OPEC’s core members may need to consider further production cuts as some of the group’s most troubled nations achieve unexpected supply growth, according to Citigroup Inc.
(Bloomberg) — OPEC’s core members may need to consider further production cuts as some of the group’s most troubled nations achieve unexpected supply growth, according to Citigroup Inc.
The “fragile five” of Iran, Iraq, Libya, Nigeria and Venezuela — which have struggled with output losses and disruptions for the past few years — will add roughly 900,000 barrels a day of production this year and at least the same in 2024, the bank estimates. That’s enough to satisfy coming growth in oil demand, it said.

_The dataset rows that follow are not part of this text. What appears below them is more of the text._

Lemma count_below_lt y : y \in Y -> count_below (q y) < #|Y|.
Proof.
move=> yY; apply/proper_card/properP; split; last by exists y; rewrite // inE ltnn andbF.
by apply/subsetP => z; rewrite inE => /andP[].
Qed.

Lemma count_below_mono t1 t2 : t1 <= t2 -> count_below t1 <= count_below t2.
Proof.
move=> t12; apply/subset_leq_card/subsetP => z; rewrite !inE => /andP[-> zt1].
exact: leq_trans zt1 t12.
Qed.

Lemma count_below_strict y t : y \in Y -> q y < t -> count_below (q y) < count_below t.
Proof.
move=> yY yt; apply/proper_card/properP; split; last by exists y; rewrite !inE ?yY ?yt ?ltnn.
by apply/subsetP => z; rewrite !inE => /andP[-> /ltn_trans]; apply.
Qed.

End CountBelow.

Lemma ffact_le_expn n k : n ^_ k <= n ^ k.
Proof.
rewrite ffact_prod -[in n ^ k](card_ord k) -prod_nat_const.
by apply: leq_prod => i _; apply: leq_subr.
Qed.

Lemma expn_le_ffact n k : (n - k.-1) ^ k <= n ^_ k.
Proof.
rewrite ffact_prod -[X in _ ^ X <= _](card_ord k) -prod_nat_const.
by apply: leq_prod => i _; apply: leq_sub2l; have := ltn_ord i; case: k i => // k i.
Qed.

Lemma bin_le_expn n k : 'C(n, k) <= n ^ k.
Proof.
apply: leq_trans (ffact_le_expn n k).
by rewrite -bin_ffact leq_pmulr ?fact_gt0.
Qed.

Lemma bin_mul_expn_le m a j : 'C(a, j) * m ^ (a - j) <= m.+1 ^ a.
Proof.
have [ja|aj] := leqP j a; last by rewrite bin_small.
rewrite -addn1 expnDn (bigD1 (Ordinal (ja : j < a.+1))) //= exp1n muln1.
exact: leq_addr.
Qed.

Lemma exp_dominates_poly (c k : nat) : exists N, forall a, N <= a -> c * a ^ k * 3 ^ a <= 4 ^ a.
Proof.
(* For a >= 2(k+1): a^(k+1) <= 2^(k+1) (a-k)^(k+1) <= 2^(k+1) (k+1)! C(a, k+1),
   and C(a, k+1) 3^(a-k-1) is one term of the expansion of (3 + 1)^a. *)
pose K := 2 ^ k.+1 * k.+1`! * 3 ^ k.+1.
have K_gt0 : 0 < K by rewrite !muln_gt0 !expn_gt0 fact_gt0.
have poly_le a : 2 * k.+1 <= a -> a ^ k.+1 * 3 ^ a <= K * 4 ^ a.
  move=> ka.
  have halve : a ^ k.+1 <= 2 ^ k.+1 * (a - k) ^ k.+1 by rewrite -expnMn leq_exp2r //; lia.
  have to_bin : (a - k) ^ k.+1 <= 'C(a, k.+1) * k.+1`! by rewrite bin_ffact expn_le_ffact.
  have split3 : 3 ^ a = 3 ^ k.+1 * 3 ^ (a - k.+1) by rewrite -expnD subnKC //; lia.
  apply: leq_trans (leq_mul (leq_trans halve (leq_mul (leqnn _) to_bin)) (eq_leq split3)) _.
  rewrite (_ : _ * _ = K * ('C(a, k.+1) * 3 ^ (a - k.+1))); last by rewrite /K; lia.
  by rewrite leq_mul2l bin_mul_expn_le orbT.
clearbody K; exists (maxn (2 * k.+1) (c * K)) => a; rewrite geq_max => /andP[ka cKa].
rewrite -(leq_pmul2l K_gt0); apply: leq_trans (poly_le a ka).
by rewrite !mulnA [K * c]mulnC expnS !leq_mul2r cKa !orbT.
Qed.

Lemma sq_succ_le_exp3 b : 2 <= b -> b.+1 ^ 2 <= 3 ^ b.
Proof.
elim: b => // b IH; rewrite leq_eqVlt => /orP[/eqP <- //|b2].
by have := IH b2; rewrite !expnS; lia.
Qed.

(** * Hall's theorem with deficiency *)

Section DeficientHall.
Variables (A B : finType) (E : {set A * B}).
Implicit Types (S T U : {set A}) (V W : {set B}) (M : {set A * B}).

Definition nbhd V S : {set B} := [set b in V | [exists a in S, (a, b) \in E]].

Definition is_matching M : Prop :=
  forall e1 e2, e1 \in M -> e2 \in M -> e1 != e2 -> e1.1 != e2.1 /\ e1.2 != e2.2.

Definition hall_condition U V (d : nat) : Prop :=
  forall S, S \subset U -> #|S| <= #|nbhd V S| + d.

“All of a sudden they are sources of growth, and they will be sources of growth for five, four years — or maybe even longer in the case of Iraq and Venezuela,” Ed Morse, Citigroup’s head of commodities research, said in an interview. “It strikes us that the core OPEC+ countries have a problem on their hands.”

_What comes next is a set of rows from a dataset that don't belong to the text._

(* The category of partial magmas (with partial magma homomorphisms) is a regular category.
   Context: A partial magma is a set $A$ with a distinguished element $0$, a subset $A_2\subseteq A\times A$ of summable pairs and a map $+\colon A_2\to A$, such that $(0,a),(a,0)\in A_2$ and $a+0=0+a=a$ for all $a$, and $(a,b)\in A_2$ implies $(b,a)\in A_2$ and $a+b=b+a$. A homomorphism $f\colon A\to B$ of partial magmas is a map with $f(0)=0$, $(f\times f)(A_2)\subseteq B_2$ and $f(a_1+a_2)=f(a_1)+f(a_2)$ for all $(a_1,a_2)\in A_2$. A category is regular if it has finite limits, coequalizers of kernel pairs, and regular epimorphisms are stable under pullback. *)

From Stdlib Require Import ProofIrrelevance.

Record Category := {
  ob :> Type;
  hom : ob -> ob -> Type;
  idm : forall A, hom A A;
  comp : forall A B C, hom B C -> hom A B -> hom A C;
  comp_id_l : forall A B (f : hom A B), comp A B B (idm B) f = f;
  comp_id_r : forall A B (f : hom A B), comp A A B f (idm A) = f;
  comp_assoc : forall A B C D (h : hom C D) (g : hom B C) (f : hom A B),
      comp A C D h (comp A B C g f) = comp A B D (comp B C D h g) f
}.
Arguments hom {c} A B.
Arguments idm {c} A.
Arguments comp {c A B C} g f.

Section CatNotions.
Variable C : Category.

Definition is_terminal (T : C) : Prop :=
  forall X : C, exists f : hom X T, forall g : hom X T, g = f.

Definition is_product (A B P : C) (p1 : hom P A) (p2 : hom P B) : Prop :=
  forall (X : C) (x1 : hom X A) (x2 : hom X B),
    exists! u : hom X P, comp p1 u = x1 /\ comp p2 u = x2.

Definition is_equalizer (A B : C) (f g : hom A B) (E : C) (e : hom E A) : Prop :=
  comp f e = comp g e /\
  forall (X : C) (x : hom X A), comp f x = comp g x ->
    exists! u : hom X E, comp e u = x.

Definition is_pullback (A B Z : C) (f : hom A Z) (g : hom B Z)
    (P : C) (p1 : hom P A) (p2 : hom P B) : Prop :=
  comp f p1 = comp g p2 /\
  forall (X : C) (x1 : hom X A) (x2 : hom X B), comp f x1 = comp g x2 ->
    exists! u : hom X P, comp p1 u = x1 /\ comp p2 u = x2.

Definition is_coequalizer (A B : C) (u v : hom A B) (Q : C) (q : hom B Q) : Prop :=
  comp q u = comp q v /\
  forall (X : C) (x : hom B X), comp x u = comp x v ->
    exists! w : hom Q X, comp w q = x.

Definition has_finite_limits : Prop :=
  (exists T : C, is_terminal T) /\
  (forall A B : C, exists (P : C) (p1 : hom P A) (p2 : hom P B), is_product A B P p1 p2) /\
  (forall (A B : C) (f g : hom A B), exists (E : C) (e : hom E A), is_equalizer A B f g E e).

Definition has_pullbacks : Prop :=
  forall (A B Z : C) (f : hom A Z) (g : hom B Z),
    exists (P : C) (p1 : hom P A) (p2 : hom P B), is_pullback A B Z f g P p1 p2.

Definition has_coeq_of_kernel_pairs : Prop :=
  forall (A B : C) (f : hom A B) (K : C) (k1 k2 : hom K A),
    is_pullback A A B f f K k1 k2 ->
    exists (Q : C) (q : hom A Q), is_coequalizer K A k1 k2 Q q.

Definition is_regular_epi (B Q : C) (q : hom B Q) : Prop :=
  exists (A : C) (u v : hom A B), is_coequalizer A B u v Q q.

Definition regular_epis_pullback_stable : Prop :=
  forall (A B Z : C) (f : hom A Z) (g : hom B Z) (P : C) (p1 : hom P A) (p2 : hom P B),
    is_regular_epi A Z f -> is_pullback A B Z f g P p1 p2 ->
    is_regular_epi P B p2.

Definition is_regular_category : Prop :=
  has_finite_limits /\ has_pullbacks /\ has_coeq_of_kernel_pairs /\
  regular_epis_pullback_stable.

End CatNotions.

(** The partial addition is encoded as [padd : A -> A -> option A]:
    (a,b) is summable iff [padd a b <> None], and then a+b is the value. *)
Record PMagma := {
  pm_car :> Type;
  pm_zero : pm_car;
  padd : pm_car -> pm_car -> option pm_car;
  padd_0l : forall a, padd pm_zero a = Some a;
  padd_0r : forall a, padd a pm_zero = Some a;
  padd_comm : forall a b, padd a b = padd b a
}.

Definition summable (A : PMagma) (a b : A) : Prop := padd A a b <> None.

Record PMHom (A B : PMagma) := {
  pmh_fun :> A -> B;
  pmh_zero : pmh_fun (pm_zero A) = pm_zero B;
  pmh_add : forall a1 a2 s, padd A a1 a2 = Some s ->
      padd B (pmh_fun a1) (pmh_fun a2) = Some (pmh_fun s)
}.
Arguments pmh_fun {A B} p _.

Definition pmh_id (A : PMagma) : PMHom A A.
Proof. refine {| pmh_fun := fun x => x |}; auto. Defined.

Definition pmh_comp (A B D : PMagma) (g : PMHom B D) (f : PMHom A B) : PMHom A D.
Proof.
  refine {| pmh_fun := fun x => g (f x) |}.
  - rewrite (pmh_zero _ _ f); apply pmh_zero.
  - intros a1 a2 s H. apply (pmh_add _ _ g). apply (pmh_add _ _ f). exact H.
Defined.

Lemma pmh_eq (A B : PMagma) (f g : PMHom A B) :
  pmh_fun f = pmh_fun g -> f = g.
Proof.
  destruct f as [f f0 fa], g as [g g0 ga]; simpl; intros ->.
  rewrite (proof_irrelevance _ f0 g0), (proof_irrelevance _ fa ga). reflexivity.
Qed.

Definition PMagCat : Category.
Proof.
  refine {| ob := PMagma; hom := PMHom; idm := pmh_id; comp := pmh_comp |};
  intros; apply pmh_eq; reflexivity.
Defined.

From Stdlib Require Import ProofIrrelevance FunctionalExtensionality ClassicalEpsilon.

(* Finite limits are computed on underlying sets: products carry the
   componentwise sum, equalizers and pullbacks are subsets with the restricted
   sum.  A morphism q : A -> Q is a regular epimorphism exactly when it is onto
   and every summable pair of Q is the image of a summable pair of A.  The
   coequalizer of the kernel pair of f is f corestricted to its image, where
   two elements are summable iff they are images of a summable pair; and both
   conditions on q transfer to its pullbacks because the elements and sums of
   a pullback are pairs of compatible elements and sums. *)

Local Notation "g ∘ f" := (@comp PMagCat _ _ _ g f) (at level 40, left associativity).

Lemma sig_ext {T : Type} {P : T -> Prop} (x y : {a | P a}) :
  proj1_sig x = proj1_sig y -> x = y.
Proof. apply eq_sig_hprop; intros; apply proof_irrelevance. Qed.

Lemma option_ext {T : Type} (o1 o2 : option T) :
  (forall s, o1 = Some s <-> o2 = Some s) -> o1 = o2.
Proof.
  destruct o1 as [s1|], o2 as [s2|]; intro H; auto.
  - apply H; reflexivity.
  - discriminate (proj1 (H s1) eq_refl).
  - discriminate (proj2 (H s2) eq_refl).
Qed.

Lemma pmhom_ext {A B : PMagma} (f g : PMHom A B) : (forall x, f x = g x) -> f = g.
Proof. intro H; apply pmh_eq, functional_extensionality, H. Qed.

Lemma pmhom_congr {A B : PMagma} {f g : PMHom A B} : f = g -> forall x, f x = g x.
Proof. now intros ->. Qed.

Section CategoryFacts.
Variable C : Category.

Lemma product_equalizer_pullback (A B Z P E : C) (f : hom A Z) (g : hom B Z)
    (p1 : hom P A) (p2 : hom P B) (e : hom E P) :
  is_product C A B P p1 p2 -> is_equalizer C P Z (comp f p1) (comp g p2) E e ->
  is_pullback C A B Z f g E (comp p1 e) (comp p2 e).
Proof.
  intros Hprod [He Heq]. split.
  - now rewrite !comp_assoc.
  - intros X x1 x2 Hx.
    destruct (Hprod X x1 x2) as [u [[Hu1 Hu2] Hu]].
    assert (Hfu : comp (comp f p1) u = comp (comp g p2) u)
      by now rewrite <- !comp_assoc, Hu1, Hu2.
    destruct (Heq X u Hfu) as [v [Hv Hv_uniq]].
    exists v. split.
    + now rewrite <- !comp_assoc, Hv.
    + intros v' [H1 H2]. apply Hv_uniq. symmetry. apply Hu.
      now rewrite !comp_assoc.
Qed.

Lemma coequalizer_epi (A B Q X : C) (u v : hom A B) (q : hom B Q) (h k : hom Q X) :
  is_coequalizer C A B u v Q q -> comp h q = comp k q -> h = k.
Proof.
  intros [Hq Huniv] Hhk.
  assert (Hx : comp (comp h q) u = comp (comp h q) v)
    by now rewrite <- !comp_assoc, Hq.
  destruct (Huniv X (comp h q) Hx) as [w [_ Hw]].
  transitivity w; [symmetry |]; apply Hw; auto.
Qed.

End CategoryFacts.

Section SubMagma.
Variables (A : PMagma) (S : A -> Prop) (R : A -> A -> Prop).

(* [R] selects which ambient sums of elements of [S] remain defined. *)
Definition sub_padd (x y : {a : A | S a}) : option {a : A | S a} :=
  match padd A (proj1_sig x) (proj1_sig y) with
  | Some s =>
      match excluded_middle_informative (S s /\ R (proj1_sig x) (proj1_sig y)) with
      | left H => Some (exist _ s (proj1 H))
      | right _ => None
      end
  | None => None
  end.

The five nations are all showing positive signs of supply recovery, while growth in oil demand will be constrained by fading expansion in China, Morse said.
Iranian output has recovered as it sends a flood of exports to China while engaging in tentative diplomacy with the US. Iraq may restore supplies when it reaches agreement on a shuttered pipeline to Turkey, and also add capacity. Nigeria has improved security in its restive oil-rich delta, Venezuela is in talks with Washington on easing sanctions, and even Libya, long wracked by instability, has potential for expansion.
As a result, OPEC leader Saudi Arabia and its Persian Gulf allies — which have slashed production this year to shore up crude prices — may face pressure to cut output further, Morse said. The kingdom has already curbed supplies to a two-year low near 9 million barrels a day.
“It’ll be a big problem,” Morse said. “I think they’ll have to cut, and I don’t know how easy it is for them to do that.”